**Instructions to follow**
Where the records below reach the line containing "derivable_pt_lim (fun t => fst", start transcribing, and end with the line containing "From Stdlib Require Import Reals Lra Lia Arith Classical", exactly and with nothing else added.
-------- Listed records --------
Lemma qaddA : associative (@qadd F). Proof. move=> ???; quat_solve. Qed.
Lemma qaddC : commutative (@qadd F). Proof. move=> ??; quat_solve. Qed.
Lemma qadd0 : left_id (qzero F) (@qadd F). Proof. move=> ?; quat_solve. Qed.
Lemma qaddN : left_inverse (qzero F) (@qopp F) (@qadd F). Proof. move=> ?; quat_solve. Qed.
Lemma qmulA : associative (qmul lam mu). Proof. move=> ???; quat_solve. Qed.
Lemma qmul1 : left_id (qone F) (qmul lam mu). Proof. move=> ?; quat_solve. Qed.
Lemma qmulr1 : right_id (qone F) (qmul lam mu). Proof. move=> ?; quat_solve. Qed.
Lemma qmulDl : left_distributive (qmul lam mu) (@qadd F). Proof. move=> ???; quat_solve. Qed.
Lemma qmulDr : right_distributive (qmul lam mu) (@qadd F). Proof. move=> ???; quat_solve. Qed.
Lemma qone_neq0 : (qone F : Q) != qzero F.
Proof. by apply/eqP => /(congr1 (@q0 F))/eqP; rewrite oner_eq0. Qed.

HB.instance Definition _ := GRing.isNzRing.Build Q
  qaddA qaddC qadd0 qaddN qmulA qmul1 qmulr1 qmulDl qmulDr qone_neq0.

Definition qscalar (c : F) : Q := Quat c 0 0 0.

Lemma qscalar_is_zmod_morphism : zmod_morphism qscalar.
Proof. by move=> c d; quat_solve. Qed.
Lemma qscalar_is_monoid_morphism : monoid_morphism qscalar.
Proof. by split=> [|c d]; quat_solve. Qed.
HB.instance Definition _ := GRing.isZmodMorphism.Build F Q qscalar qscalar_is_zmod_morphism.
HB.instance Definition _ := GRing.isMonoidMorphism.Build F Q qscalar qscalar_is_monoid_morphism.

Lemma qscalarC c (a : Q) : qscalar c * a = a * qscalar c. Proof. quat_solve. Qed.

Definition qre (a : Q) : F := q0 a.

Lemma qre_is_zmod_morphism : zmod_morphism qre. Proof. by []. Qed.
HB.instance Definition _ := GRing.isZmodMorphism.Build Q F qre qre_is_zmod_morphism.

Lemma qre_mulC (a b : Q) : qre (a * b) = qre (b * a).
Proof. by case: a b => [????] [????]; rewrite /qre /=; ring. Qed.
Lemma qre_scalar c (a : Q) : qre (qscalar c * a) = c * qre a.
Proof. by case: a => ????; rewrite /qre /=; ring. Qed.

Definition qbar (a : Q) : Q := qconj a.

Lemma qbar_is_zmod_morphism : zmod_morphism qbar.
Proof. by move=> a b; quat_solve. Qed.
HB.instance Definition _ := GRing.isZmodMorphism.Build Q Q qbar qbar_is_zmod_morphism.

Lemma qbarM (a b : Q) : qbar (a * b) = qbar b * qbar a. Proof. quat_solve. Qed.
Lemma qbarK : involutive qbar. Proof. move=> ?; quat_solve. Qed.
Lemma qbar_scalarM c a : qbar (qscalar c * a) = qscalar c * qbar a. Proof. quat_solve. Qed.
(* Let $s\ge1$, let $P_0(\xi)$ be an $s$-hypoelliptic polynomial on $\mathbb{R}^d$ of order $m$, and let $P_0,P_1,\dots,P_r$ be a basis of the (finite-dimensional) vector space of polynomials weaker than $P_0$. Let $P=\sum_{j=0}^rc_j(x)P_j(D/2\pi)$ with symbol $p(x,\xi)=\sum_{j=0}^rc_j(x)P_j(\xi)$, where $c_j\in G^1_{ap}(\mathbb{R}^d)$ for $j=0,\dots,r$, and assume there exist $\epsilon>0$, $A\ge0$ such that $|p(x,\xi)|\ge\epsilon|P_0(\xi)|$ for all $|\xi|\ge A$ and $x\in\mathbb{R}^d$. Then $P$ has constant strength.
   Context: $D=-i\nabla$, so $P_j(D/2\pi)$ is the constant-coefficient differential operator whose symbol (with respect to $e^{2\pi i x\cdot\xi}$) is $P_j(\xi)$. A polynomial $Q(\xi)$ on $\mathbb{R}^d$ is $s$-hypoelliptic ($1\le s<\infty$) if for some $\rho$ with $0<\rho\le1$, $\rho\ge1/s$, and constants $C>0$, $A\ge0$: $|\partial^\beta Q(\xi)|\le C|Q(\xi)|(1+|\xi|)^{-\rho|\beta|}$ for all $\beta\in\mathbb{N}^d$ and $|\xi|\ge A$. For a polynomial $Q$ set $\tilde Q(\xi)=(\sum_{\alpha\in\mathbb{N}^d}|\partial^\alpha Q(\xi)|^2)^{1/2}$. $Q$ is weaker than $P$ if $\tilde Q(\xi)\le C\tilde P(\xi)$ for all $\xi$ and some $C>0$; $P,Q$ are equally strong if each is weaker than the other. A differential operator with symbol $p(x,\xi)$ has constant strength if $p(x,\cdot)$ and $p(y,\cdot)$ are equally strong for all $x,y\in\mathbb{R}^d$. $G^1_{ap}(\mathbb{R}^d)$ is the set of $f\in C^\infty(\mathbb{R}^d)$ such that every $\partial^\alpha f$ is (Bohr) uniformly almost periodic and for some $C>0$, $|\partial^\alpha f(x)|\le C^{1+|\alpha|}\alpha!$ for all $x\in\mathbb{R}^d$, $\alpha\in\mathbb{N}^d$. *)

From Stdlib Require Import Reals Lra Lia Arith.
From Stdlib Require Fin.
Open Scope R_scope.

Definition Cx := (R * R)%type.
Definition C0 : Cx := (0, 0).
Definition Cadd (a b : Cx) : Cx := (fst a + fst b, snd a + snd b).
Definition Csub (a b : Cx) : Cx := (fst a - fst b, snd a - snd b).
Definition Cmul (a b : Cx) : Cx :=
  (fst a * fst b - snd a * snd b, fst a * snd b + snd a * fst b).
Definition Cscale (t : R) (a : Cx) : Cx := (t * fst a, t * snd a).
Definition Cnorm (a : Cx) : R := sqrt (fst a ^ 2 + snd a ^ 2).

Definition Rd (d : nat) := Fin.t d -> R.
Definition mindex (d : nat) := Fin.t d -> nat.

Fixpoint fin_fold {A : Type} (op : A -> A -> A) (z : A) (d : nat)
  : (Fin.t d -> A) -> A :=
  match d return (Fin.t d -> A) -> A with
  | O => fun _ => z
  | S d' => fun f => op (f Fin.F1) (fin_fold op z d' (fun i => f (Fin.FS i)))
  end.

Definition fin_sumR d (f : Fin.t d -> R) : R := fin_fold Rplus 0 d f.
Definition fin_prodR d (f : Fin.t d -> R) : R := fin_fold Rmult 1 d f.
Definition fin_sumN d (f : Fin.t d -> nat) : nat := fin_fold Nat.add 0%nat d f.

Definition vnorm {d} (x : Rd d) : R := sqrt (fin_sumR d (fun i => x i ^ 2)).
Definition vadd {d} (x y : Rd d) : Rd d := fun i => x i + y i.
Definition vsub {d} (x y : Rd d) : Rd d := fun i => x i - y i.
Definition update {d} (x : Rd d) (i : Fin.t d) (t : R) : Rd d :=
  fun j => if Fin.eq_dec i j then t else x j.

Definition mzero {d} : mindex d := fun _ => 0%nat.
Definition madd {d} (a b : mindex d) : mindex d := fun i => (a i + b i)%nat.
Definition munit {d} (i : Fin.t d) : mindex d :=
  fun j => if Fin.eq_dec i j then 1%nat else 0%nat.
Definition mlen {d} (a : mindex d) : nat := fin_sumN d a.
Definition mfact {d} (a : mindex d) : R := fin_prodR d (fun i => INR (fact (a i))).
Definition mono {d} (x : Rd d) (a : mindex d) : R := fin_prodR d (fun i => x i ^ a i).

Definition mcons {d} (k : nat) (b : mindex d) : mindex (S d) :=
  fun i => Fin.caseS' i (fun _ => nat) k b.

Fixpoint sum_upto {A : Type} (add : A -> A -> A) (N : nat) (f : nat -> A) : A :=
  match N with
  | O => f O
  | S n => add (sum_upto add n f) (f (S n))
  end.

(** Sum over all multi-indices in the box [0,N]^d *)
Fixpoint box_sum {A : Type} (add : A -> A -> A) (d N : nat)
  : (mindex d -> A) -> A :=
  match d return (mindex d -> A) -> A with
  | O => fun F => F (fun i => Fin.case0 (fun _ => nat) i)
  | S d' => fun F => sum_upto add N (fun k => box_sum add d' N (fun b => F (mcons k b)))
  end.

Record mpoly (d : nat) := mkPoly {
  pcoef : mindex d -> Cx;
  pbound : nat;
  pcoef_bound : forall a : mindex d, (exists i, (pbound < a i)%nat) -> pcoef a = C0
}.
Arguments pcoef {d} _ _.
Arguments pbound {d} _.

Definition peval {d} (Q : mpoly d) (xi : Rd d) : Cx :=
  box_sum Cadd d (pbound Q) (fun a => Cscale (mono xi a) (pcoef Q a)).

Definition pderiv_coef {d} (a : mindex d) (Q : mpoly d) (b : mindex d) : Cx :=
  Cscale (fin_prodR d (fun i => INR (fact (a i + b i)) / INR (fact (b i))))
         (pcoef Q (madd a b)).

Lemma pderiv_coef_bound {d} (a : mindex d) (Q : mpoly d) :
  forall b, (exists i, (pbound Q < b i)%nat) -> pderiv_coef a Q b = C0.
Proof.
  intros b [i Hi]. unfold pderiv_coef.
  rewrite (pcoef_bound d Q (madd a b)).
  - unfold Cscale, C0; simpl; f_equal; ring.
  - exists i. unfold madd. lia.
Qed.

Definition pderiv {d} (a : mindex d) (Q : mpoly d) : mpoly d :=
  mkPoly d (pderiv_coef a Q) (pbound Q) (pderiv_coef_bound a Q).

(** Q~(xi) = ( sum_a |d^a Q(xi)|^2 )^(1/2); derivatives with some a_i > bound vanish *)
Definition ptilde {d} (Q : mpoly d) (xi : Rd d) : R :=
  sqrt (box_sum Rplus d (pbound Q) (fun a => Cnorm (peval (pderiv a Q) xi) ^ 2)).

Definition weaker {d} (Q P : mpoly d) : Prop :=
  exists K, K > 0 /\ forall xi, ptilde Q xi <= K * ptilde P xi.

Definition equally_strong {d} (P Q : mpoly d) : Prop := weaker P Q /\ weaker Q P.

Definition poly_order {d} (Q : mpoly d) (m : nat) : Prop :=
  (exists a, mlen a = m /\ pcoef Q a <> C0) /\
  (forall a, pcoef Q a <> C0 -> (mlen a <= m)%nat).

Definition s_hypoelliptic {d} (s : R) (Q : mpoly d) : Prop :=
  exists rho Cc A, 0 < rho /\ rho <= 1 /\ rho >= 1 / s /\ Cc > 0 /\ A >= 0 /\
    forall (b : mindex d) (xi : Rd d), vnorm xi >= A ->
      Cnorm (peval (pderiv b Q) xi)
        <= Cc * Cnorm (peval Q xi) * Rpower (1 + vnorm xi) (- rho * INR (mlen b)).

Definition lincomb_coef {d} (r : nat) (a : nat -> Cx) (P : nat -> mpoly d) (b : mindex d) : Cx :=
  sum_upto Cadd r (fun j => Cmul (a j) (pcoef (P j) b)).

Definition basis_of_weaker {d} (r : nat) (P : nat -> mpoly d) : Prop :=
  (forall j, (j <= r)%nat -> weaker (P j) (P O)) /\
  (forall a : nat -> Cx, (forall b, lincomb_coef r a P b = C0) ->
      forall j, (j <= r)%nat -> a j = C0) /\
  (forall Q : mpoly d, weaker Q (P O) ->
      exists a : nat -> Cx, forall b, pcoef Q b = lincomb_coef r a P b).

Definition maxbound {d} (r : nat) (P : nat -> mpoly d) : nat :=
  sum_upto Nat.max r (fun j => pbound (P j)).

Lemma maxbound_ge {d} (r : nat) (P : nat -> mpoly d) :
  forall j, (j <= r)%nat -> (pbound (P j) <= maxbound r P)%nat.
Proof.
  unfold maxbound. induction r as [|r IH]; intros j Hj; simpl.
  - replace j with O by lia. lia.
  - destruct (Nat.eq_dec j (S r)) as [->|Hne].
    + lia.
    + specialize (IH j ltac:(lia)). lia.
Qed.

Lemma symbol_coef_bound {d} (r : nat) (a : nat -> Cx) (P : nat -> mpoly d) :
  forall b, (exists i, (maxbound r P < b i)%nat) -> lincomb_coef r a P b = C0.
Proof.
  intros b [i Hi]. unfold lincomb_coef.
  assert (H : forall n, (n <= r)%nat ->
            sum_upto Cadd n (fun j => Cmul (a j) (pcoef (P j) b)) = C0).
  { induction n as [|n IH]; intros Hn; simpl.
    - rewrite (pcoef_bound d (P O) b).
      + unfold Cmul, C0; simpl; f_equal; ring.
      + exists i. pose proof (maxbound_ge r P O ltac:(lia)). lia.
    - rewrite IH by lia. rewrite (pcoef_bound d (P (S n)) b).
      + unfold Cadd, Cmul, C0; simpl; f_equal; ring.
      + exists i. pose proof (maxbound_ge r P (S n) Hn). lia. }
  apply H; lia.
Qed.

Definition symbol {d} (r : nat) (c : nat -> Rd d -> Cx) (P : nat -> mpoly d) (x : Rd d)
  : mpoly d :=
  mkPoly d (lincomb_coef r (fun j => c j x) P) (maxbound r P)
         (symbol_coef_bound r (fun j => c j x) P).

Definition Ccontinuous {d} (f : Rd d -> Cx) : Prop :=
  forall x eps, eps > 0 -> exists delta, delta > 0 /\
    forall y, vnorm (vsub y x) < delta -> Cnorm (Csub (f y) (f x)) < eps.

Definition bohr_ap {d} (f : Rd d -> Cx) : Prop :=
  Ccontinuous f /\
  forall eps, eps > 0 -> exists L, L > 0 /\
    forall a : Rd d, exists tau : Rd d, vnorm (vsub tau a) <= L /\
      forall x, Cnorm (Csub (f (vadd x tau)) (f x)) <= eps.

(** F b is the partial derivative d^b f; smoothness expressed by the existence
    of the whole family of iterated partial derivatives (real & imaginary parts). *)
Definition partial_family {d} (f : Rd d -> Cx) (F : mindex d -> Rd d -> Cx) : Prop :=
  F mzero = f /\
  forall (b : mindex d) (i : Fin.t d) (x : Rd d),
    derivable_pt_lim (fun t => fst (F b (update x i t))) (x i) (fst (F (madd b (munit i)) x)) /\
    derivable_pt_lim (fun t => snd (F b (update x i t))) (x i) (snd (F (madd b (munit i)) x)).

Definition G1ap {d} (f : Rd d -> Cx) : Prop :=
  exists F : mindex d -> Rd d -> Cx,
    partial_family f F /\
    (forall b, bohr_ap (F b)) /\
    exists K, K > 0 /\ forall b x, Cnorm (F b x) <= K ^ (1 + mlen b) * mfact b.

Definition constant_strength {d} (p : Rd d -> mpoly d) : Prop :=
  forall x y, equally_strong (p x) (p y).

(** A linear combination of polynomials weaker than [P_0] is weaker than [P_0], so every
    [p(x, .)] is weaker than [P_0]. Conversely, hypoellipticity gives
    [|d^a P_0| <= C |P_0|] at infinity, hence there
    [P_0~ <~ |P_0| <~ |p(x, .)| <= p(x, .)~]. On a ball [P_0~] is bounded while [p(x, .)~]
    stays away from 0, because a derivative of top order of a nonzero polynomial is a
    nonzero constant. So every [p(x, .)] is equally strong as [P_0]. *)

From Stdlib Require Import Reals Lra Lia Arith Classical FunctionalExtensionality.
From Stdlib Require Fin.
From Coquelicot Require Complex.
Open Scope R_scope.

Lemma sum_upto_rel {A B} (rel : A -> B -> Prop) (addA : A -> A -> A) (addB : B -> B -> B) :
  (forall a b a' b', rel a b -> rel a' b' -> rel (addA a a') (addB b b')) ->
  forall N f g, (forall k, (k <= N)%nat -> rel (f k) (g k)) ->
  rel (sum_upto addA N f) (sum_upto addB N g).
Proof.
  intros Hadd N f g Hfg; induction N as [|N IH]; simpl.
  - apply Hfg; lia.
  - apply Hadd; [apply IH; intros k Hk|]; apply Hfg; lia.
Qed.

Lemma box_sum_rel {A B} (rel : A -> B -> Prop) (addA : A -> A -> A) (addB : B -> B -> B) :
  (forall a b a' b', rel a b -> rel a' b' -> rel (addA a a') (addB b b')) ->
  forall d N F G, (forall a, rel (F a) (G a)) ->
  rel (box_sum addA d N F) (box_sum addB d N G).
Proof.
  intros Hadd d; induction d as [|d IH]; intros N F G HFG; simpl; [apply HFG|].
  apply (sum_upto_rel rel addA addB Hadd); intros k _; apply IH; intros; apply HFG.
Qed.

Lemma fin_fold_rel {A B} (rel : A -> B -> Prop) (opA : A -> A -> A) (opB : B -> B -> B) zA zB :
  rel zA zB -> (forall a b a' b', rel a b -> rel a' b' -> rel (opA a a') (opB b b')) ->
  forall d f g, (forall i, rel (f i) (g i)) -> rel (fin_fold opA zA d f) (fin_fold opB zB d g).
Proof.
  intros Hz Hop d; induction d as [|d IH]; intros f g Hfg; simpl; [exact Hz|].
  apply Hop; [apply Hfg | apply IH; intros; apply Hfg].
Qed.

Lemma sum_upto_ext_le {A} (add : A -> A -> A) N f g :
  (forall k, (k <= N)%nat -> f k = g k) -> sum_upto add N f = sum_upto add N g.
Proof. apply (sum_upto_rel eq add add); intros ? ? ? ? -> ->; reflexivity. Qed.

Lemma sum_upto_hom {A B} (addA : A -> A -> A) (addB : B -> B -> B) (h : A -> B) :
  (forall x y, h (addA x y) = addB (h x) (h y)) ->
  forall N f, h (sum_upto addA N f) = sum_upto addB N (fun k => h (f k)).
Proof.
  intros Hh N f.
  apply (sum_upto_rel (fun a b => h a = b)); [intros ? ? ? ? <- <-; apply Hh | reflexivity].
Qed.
--------
**Answer space**
    derivable_pt_lim (fun t => fst (F b (update x i t))) (x i) (fst (F (madd b (munit i)) x)) /\
    derivable_pt_lim (fun t => snd (F b (update x i t))) (x i) (snd (F (madd b (munit i)) x)).

Definition G1ap {d} (f : Rd d -> Cx) : Prop :=
  exists F : mindex d -> Rd d -> Cx,
    partial_family f F /\
    (forall b, bohr_ap (F b)) /\
    exists K, K > 0 /\ forall b x, Cnorm (F b x) <= K ^ (1 + mlen b) * mfact b.

Definition constant_strength {d} (p : Rd d -> mpoly d) : Prop :=
  forall x y, equally_strong (p x) (p y).

(** A linear combination of polynomials weaker than [P_0] is weaker than [P_0], so every
    [p(x, .)] is weaker than [P_0]. Conversely, hypoellipticity gives
    [|d^a P_0| <= C |P_0|] at infinity, hence there
    [P_0~ <~ |P_0| <~ |p(x, .)| <= p(x, .)~]. On a ball [P_0~] is bounded while [p(x, .)~]
    stays away from 0, because a derivative of top order of a nonzero polynomial is a
    nonzero constant. So every [p(x, .)] is equally strong as [P_0]. *)

From Stdlib Require Import Reals Lra Lia Arith Classical FunctionalExtensionality.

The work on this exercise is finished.